» Dataset entries
----

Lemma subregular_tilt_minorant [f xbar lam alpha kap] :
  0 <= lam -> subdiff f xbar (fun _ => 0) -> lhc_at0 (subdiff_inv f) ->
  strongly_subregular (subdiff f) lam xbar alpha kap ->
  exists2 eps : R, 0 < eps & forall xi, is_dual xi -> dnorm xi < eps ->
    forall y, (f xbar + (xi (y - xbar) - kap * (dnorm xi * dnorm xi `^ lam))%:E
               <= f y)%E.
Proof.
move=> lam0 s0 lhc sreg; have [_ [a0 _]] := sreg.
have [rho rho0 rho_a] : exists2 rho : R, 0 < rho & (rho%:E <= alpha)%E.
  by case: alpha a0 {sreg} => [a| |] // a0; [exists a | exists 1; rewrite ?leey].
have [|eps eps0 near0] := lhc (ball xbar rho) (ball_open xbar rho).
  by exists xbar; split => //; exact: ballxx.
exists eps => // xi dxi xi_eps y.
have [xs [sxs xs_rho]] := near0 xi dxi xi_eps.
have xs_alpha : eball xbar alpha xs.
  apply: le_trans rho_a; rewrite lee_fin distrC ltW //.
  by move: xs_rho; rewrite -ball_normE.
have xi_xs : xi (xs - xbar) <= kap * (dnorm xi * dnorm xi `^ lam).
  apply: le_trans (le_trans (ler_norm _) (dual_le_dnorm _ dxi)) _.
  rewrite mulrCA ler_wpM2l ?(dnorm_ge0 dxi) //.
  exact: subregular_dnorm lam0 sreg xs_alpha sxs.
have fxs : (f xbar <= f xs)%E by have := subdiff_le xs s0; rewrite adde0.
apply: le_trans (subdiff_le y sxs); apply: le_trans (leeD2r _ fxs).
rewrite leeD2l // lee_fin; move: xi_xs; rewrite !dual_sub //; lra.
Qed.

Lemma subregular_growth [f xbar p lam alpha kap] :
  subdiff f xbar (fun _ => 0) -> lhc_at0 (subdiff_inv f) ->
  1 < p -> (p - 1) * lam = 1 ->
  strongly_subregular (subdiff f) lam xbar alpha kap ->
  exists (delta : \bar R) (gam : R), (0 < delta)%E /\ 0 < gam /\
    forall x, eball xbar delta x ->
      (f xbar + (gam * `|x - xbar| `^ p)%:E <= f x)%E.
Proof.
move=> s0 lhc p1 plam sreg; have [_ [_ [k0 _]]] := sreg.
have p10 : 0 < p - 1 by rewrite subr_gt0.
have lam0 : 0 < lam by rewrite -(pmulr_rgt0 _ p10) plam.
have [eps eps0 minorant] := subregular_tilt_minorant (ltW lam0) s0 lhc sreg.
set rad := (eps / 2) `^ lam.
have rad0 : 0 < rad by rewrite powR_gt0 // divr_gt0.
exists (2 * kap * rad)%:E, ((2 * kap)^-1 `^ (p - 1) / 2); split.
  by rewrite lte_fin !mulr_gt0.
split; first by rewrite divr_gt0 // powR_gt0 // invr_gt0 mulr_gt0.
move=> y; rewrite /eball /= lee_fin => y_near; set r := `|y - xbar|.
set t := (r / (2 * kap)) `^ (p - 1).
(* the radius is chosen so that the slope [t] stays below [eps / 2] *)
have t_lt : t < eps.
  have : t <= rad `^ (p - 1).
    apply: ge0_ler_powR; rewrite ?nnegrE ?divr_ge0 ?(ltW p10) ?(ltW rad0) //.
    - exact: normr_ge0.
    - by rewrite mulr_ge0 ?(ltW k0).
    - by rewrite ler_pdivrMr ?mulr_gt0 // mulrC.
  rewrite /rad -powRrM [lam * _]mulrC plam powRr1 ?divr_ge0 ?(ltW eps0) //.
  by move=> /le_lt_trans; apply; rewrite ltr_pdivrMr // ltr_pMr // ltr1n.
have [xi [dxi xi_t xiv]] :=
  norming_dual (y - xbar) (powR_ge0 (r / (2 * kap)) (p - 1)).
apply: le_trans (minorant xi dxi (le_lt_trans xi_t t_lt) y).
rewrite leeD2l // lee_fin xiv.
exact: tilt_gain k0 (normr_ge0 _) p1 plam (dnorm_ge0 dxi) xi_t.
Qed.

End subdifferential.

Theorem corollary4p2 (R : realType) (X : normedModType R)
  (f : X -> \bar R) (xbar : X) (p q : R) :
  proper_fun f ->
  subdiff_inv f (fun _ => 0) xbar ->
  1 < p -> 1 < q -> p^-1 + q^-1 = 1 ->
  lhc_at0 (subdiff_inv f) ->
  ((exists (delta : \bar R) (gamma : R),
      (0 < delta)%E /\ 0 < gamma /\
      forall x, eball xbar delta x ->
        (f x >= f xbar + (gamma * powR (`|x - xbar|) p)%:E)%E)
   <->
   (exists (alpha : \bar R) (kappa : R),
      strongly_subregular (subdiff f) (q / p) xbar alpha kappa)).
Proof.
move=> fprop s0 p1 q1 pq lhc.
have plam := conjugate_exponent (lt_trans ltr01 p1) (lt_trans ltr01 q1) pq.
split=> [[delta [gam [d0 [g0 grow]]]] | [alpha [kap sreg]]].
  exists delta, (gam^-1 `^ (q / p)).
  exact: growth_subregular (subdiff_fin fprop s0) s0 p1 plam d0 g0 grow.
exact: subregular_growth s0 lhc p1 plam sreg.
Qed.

----

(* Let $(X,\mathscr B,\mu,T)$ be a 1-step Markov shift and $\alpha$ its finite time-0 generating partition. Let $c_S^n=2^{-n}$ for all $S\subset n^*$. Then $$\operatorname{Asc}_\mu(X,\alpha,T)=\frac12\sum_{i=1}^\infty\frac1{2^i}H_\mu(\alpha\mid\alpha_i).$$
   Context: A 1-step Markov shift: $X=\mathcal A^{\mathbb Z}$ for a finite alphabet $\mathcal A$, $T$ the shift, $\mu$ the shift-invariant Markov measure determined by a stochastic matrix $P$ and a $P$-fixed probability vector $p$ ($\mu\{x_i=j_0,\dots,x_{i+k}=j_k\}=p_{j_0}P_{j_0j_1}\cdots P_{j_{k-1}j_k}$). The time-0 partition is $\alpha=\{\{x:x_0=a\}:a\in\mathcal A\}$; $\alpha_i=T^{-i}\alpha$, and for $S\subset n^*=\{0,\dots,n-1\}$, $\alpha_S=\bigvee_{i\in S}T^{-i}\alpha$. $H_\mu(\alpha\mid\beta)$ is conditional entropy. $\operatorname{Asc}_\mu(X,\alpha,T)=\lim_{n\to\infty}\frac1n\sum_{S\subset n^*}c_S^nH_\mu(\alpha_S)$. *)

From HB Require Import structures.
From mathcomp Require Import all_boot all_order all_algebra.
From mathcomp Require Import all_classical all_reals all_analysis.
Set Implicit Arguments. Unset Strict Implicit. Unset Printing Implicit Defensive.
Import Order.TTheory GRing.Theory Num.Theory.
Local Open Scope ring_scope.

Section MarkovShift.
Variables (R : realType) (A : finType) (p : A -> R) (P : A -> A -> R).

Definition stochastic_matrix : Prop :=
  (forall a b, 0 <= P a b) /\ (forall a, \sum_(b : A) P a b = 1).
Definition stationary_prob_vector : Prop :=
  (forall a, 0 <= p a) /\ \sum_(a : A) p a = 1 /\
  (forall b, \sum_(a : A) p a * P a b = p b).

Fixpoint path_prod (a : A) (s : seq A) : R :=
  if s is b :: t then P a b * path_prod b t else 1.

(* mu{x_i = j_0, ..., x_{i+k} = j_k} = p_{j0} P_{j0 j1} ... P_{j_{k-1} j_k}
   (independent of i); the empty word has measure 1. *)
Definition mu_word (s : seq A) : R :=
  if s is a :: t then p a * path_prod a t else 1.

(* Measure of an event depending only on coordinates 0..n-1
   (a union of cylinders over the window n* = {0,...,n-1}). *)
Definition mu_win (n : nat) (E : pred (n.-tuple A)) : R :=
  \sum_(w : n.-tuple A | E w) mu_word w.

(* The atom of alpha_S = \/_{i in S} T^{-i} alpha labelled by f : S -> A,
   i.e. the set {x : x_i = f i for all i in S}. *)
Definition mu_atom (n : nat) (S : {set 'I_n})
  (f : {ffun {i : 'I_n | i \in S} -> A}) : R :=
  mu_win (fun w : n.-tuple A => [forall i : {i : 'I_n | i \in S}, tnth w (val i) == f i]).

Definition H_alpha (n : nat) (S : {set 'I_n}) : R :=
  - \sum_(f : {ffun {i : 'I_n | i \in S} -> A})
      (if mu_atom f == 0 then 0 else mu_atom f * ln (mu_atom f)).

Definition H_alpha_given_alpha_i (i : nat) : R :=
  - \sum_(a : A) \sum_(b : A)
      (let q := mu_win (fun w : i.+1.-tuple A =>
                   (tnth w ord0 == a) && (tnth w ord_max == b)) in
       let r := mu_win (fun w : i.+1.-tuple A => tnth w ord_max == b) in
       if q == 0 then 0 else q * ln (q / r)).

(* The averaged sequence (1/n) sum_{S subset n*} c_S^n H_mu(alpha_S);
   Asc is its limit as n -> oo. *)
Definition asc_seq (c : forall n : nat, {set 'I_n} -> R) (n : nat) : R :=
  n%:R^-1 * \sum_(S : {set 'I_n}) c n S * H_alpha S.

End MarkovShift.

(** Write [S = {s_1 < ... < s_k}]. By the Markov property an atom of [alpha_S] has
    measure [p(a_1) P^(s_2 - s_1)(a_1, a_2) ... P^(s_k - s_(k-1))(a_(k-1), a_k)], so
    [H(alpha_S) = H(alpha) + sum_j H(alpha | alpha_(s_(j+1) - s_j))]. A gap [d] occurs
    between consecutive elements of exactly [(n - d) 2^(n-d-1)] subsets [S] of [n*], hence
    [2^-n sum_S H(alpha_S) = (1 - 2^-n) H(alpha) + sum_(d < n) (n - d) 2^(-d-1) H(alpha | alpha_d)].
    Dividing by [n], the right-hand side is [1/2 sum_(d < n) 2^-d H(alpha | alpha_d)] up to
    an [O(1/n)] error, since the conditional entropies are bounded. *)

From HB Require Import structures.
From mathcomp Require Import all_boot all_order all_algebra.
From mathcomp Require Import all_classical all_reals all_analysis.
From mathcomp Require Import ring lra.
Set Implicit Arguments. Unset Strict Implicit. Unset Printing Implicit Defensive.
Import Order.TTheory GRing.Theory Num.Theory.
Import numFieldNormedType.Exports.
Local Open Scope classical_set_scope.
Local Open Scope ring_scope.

----

What is the number of lines above that contain the word "Definition"? Answer with that number only.

8